[Saved entries]

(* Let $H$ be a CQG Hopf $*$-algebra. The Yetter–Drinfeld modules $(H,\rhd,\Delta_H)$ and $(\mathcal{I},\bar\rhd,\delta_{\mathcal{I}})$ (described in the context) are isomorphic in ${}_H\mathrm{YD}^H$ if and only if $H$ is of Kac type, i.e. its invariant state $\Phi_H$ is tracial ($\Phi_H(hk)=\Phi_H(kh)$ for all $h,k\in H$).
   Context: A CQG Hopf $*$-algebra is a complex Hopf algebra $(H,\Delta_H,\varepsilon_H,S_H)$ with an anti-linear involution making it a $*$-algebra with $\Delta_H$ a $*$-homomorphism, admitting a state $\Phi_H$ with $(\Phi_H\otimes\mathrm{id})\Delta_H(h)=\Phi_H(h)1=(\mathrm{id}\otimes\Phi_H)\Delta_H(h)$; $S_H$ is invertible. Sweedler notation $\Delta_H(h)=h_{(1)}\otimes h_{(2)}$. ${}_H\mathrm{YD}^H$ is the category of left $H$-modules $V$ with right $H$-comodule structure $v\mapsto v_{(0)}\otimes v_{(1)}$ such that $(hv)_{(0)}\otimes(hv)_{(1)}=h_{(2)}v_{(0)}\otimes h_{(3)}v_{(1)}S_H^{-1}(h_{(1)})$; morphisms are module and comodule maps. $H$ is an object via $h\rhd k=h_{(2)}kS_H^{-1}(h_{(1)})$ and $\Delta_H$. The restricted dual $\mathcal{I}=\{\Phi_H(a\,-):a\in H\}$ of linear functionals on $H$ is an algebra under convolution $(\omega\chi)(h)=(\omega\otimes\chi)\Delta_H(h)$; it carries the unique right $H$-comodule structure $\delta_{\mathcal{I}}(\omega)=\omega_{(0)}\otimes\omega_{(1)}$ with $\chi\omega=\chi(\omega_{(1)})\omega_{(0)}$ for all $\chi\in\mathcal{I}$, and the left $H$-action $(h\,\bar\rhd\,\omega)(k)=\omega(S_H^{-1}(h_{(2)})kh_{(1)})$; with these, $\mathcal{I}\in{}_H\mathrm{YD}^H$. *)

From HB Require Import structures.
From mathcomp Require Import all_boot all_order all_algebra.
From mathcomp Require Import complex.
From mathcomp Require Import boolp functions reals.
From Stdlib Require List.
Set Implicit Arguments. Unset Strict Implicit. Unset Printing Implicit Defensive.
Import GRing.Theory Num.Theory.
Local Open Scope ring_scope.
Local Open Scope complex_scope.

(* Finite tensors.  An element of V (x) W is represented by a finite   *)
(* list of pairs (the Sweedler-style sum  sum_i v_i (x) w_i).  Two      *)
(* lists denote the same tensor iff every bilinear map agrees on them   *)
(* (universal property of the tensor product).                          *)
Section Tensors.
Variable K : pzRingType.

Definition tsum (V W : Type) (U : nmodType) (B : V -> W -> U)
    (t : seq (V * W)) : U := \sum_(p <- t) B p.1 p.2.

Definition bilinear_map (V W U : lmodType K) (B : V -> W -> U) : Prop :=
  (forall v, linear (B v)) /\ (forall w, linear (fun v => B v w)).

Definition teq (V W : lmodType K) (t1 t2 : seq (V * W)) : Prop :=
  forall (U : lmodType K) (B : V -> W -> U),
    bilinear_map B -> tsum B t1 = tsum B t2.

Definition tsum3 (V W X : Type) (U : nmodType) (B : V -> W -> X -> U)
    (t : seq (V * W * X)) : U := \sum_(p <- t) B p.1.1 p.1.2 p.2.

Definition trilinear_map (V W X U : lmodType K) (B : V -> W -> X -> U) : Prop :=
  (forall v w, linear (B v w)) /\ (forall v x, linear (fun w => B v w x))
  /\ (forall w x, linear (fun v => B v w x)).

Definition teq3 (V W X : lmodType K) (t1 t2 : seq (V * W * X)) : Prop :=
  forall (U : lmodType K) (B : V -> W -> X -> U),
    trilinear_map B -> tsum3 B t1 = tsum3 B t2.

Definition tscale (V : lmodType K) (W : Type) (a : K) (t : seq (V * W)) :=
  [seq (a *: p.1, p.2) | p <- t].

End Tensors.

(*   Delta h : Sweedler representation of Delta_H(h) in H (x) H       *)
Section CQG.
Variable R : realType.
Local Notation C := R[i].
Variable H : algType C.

--

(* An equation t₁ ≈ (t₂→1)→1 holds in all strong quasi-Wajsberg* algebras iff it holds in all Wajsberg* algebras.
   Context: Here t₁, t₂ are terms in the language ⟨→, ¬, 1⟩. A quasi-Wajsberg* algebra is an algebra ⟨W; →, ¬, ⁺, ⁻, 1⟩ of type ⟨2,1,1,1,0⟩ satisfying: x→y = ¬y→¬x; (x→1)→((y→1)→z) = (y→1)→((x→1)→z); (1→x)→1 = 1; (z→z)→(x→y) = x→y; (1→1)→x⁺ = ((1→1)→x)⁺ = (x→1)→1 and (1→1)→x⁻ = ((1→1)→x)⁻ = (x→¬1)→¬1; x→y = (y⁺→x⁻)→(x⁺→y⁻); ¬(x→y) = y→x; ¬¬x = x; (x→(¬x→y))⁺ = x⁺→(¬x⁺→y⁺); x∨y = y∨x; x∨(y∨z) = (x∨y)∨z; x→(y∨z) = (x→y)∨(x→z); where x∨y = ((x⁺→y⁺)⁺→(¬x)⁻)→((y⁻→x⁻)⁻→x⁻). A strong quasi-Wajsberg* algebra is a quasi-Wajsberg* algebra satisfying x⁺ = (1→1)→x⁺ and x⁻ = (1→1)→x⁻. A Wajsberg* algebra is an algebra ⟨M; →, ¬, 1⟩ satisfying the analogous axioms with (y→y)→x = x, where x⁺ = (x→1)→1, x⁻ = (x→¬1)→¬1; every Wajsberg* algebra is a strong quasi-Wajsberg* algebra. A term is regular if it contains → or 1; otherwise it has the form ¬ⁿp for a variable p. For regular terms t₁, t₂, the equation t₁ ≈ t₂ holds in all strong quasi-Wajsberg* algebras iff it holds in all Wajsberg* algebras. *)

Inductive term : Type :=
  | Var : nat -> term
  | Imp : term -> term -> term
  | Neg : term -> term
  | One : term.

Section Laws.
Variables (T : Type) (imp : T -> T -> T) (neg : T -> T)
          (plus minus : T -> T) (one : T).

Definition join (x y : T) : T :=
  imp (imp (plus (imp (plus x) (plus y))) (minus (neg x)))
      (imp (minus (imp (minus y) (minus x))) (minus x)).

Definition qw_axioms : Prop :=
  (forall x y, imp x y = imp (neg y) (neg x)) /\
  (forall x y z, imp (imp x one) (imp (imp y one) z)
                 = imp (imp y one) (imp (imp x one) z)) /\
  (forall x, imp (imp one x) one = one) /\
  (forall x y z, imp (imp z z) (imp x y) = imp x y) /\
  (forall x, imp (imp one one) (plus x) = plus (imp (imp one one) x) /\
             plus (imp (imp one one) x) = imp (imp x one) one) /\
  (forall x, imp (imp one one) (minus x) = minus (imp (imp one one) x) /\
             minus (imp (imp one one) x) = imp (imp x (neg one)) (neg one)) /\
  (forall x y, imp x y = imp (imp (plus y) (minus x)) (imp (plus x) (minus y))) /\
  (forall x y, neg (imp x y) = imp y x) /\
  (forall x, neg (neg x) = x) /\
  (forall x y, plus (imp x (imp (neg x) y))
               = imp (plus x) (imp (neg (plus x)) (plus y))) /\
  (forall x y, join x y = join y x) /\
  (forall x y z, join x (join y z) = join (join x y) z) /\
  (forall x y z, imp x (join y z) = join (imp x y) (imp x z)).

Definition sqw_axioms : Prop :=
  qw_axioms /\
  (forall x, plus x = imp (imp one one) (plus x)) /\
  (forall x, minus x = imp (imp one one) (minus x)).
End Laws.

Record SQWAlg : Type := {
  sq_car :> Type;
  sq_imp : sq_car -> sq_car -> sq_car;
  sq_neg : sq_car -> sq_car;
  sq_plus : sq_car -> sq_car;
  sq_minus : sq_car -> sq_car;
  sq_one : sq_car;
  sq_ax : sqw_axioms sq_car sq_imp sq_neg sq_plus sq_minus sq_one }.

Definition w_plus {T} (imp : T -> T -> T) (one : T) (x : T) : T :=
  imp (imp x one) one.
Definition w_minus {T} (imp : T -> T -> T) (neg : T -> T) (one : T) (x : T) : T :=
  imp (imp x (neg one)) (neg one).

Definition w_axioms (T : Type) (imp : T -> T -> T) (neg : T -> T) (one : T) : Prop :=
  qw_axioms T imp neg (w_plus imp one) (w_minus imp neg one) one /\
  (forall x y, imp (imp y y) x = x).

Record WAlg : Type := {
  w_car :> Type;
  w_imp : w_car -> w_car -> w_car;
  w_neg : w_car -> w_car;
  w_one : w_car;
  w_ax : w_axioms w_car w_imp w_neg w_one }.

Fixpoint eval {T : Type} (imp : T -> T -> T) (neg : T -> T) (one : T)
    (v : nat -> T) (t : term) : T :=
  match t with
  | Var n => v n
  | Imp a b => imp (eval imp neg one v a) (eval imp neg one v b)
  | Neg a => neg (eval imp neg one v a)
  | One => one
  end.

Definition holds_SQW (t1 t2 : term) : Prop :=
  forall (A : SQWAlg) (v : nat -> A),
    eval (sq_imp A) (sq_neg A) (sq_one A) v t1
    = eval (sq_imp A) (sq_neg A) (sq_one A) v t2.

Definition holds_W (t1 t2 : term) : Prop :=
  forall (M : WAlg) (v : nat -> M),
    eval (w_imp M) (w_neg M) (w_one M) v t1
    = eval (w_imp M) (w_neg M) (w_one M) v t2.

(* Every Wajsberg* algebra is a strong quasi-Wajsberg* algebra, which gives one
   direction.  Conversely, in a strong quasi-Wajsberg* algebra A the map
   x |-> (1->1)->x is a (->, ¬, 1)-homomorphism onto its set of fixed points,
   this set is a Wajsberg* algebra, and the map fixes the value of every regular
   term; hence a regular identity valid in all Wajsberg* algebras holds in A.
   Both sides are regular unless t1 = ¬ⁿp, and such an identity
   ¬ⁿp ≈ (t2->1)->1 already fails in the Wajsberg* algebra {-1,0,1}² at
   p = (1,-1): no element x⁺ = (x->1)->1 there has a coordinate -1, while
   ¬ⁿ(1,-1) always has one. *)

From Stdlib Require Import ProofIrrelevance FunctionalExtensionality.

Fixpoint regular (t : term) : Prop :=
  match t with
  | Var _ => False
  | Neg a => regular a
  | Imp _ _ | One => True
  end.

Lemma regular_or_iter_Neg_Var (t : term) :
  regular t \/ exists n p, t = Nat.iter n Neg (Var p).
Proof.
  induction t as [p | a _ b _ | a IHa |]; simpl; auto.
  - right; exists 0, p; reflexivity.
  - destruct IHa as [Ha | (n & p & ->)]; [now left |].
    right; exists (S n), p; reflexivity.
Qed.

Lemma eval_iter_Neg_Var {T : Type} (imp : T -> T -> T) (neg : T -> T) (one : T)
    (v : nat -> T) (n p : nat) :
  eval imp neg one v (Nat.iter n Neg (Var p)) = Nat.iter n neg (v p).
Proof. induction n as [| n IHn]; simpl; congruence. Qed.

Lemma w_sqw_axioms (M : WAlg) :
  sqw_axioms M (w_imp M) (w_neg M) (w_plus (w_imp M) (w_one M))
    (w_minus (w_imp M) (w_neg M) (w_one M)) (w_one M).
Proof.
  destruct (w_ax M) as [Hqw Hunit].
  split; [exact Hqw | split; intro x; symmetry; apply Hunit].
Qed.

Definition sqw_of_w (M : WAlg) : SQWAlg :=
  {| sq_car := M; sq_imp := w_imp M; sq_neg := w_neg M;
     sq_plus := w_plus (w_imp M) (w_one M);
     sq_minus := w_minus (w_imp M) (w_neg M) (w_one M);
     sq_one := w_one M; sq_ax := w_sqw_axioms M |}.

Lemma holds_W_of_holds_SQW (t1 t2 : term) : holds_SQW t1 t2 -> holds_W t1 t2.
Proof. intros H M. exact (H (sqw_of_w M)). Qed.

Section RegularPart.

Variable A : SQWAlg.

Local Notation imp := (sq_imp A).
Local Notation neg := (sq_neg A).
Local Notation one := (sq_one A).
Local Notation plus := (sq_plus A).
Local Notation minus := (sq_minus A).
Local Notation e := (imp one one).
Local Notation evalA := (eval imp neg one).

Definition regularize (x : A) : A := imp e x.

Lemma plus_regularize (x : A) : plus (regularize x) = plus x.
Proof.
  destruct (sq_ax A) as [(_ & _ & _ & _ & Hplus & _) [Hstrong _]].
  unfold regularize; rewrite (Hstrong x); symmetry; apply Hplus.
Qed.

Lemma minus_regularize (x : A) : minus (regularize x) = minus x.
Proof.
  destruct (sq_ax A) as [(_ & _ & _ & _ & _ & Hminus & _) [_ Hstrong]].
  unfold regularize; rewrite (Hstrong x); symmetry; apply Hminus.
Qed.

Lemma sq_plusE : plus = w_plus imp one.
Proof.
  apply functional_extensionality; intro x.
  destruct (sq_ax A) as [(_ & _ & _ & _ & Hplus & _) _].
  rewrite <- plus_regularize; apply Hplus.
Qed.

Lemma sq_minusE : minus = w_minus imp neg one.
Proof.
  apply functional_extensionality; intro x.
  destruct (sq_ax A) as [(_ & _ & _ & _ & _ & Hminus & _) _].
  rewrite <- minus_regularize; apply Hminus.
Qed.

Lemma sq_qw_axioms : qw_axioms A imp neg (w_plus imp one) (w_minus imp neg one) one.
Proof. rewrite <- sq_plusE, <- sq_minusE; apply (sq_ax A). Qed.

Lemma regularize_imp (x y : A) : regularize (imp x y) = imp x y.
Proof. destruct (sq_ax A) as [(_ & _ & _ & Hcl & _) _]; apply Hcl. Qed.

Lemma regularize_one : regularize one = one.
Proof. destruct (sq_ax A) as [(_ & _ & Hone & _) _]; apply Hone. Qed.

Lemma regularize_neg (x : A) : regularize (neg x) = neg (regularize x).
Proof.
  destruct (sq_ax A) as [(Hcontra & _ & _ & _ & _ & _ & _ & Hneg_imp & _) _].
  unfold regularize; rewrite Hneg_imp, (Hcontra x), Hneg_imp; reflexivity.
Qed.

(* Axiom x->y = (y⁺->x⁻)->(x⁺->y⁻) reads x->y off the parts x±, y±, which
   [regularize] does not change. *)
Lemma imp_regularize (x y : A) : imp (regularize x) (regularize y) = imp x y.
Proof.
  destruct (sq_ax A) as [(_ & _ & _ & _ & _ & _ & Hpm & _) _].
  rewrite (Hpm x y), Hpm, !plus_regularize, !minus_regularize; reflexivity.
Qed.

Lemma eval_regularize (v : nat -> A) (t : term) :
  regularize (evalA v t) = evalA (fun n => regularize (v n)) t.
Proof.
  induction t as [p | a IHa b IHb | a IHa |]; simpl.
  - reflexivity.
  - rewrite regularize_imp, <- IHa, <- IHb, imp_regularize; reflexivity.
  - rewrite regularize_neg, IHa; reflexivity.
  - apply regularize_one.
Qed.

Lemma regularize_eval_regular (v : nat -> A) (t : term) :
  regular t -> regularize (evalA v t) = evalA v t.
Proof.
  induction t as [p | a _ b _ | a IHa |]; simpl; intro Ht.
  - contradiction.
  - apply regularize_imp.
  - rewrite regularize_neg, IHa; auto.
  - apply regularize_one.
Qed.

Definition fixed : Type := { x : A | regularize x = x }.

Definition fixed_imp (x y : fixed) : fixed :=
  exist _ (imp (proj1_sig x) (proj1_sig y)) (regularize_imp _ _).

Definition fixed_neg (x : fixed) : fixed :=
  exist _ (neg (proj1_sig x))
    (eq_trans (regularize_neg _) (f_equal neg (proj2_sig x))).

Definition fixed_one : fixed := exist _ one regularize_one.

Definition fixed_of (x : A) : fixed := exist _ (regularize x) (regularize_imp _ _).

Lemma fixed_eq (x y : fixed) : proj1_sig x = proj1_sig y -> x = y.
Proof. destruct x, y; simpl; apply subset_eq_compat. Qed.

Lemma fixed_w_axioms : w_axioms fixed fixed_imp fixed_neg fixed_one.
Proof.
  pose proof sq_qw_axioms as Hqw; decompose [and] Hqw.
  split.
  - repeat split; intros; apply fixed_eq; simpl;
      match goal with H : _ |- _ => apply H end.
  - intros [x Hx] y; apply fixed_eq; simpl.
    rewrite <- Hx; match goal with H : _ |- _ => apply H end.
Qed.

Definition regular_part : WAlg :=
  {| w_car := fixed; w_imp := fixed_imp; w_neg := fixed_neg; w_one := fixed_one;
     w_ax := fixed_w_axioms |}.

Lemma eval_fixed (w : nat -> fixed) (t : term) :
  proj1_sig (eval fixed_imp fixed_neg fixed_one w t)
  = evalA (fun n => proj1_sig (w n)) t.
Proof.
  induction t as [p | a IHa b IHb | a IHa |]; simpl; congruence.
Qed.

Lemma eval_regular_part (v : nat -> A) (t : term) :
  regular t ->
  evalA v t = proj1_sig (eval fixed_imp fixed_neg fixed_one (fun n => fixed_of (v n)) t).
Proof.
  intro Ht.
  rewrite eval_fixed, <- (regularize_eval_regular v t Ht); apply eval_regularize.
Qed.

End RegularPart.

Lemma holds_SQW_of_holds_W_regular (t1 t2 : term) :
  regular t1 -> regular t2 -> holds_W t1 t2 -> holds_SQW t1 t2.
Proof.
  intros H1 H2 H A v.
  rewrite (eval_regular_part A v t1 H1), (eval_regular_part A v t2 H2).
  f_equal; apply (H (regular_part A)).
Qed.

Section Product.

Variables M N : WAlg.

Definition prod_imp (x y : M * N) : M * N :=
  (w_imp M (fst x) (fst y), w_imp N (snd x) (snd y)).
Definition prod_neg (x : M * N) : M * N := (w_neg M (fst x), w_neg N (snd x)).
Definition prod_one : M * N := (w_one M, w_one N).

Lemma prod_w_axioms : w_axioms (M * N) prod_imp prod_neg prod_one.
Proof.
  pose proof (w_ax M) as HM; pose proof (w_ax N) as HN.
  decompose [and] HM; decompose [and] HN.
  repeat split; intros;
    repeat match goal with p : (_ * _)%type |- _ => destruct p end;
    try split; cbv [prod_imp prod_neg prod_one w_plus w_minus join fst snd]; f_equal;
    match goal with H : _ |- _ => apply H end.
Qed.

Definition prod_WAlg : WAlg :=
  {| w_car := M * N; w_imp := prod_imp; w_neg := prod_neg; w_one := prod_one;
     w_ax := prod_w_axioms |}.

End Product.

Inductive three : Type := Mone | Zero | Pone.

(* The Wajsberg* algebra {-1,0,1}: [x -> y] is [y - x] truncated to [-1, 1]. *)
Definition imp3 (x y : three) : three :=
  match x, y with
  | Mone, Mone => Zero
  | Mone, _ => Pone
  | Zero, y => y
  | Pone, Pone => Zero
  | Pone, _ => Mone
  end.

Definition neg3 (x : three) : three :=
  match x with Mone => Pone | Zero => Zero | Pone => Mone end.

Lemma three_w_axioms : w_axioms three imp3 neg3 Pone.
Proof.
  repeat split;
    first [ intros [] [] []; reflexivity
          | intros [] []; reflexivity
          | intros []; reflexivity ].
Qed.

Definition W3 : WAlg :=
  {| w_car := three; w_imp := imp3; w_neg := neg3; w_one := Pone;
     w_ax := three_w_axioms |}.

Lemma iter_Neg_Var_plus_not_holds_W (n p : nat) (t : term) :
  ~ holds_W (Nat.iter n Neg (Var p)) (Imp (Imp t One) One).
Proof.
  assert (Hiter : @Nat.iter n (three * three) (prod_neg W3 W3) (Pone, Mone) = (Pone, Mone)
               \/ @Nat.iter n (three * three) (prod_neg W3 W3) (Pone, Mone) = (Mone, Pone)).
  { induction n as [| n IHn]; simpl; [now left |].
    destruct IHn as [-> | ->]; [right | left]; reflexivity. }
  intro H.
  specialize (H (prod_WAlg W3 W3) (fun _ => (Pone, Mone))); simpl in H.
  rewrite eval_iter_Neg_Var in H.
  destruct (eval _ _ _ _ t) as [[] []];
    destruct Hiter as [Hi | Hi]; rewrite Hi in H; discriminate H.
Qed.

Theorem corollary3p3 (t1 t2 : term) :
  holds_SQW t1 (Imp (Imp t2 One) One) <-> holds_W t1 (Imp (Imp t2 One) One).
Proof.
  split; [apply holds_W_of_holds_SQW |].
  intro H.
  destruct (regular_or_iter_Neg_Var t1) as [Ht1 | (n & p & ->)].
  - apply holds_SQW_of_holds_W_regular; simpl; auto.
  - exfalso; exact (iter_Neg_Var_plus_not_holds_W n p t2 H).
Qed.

> _Assigned task_: From the records above, give again exactly the lines running from the line with "h : Sweedler" to the line with "Variable H : algType C.", inclusive.

> _Result of the exercise_:
(*   Delta h : Sweedler representation of Delta_H(h) in H (x) H       *)
Section CQG.
Variable R : realType.
Local Notation C := R[i].
Variable H : algType C.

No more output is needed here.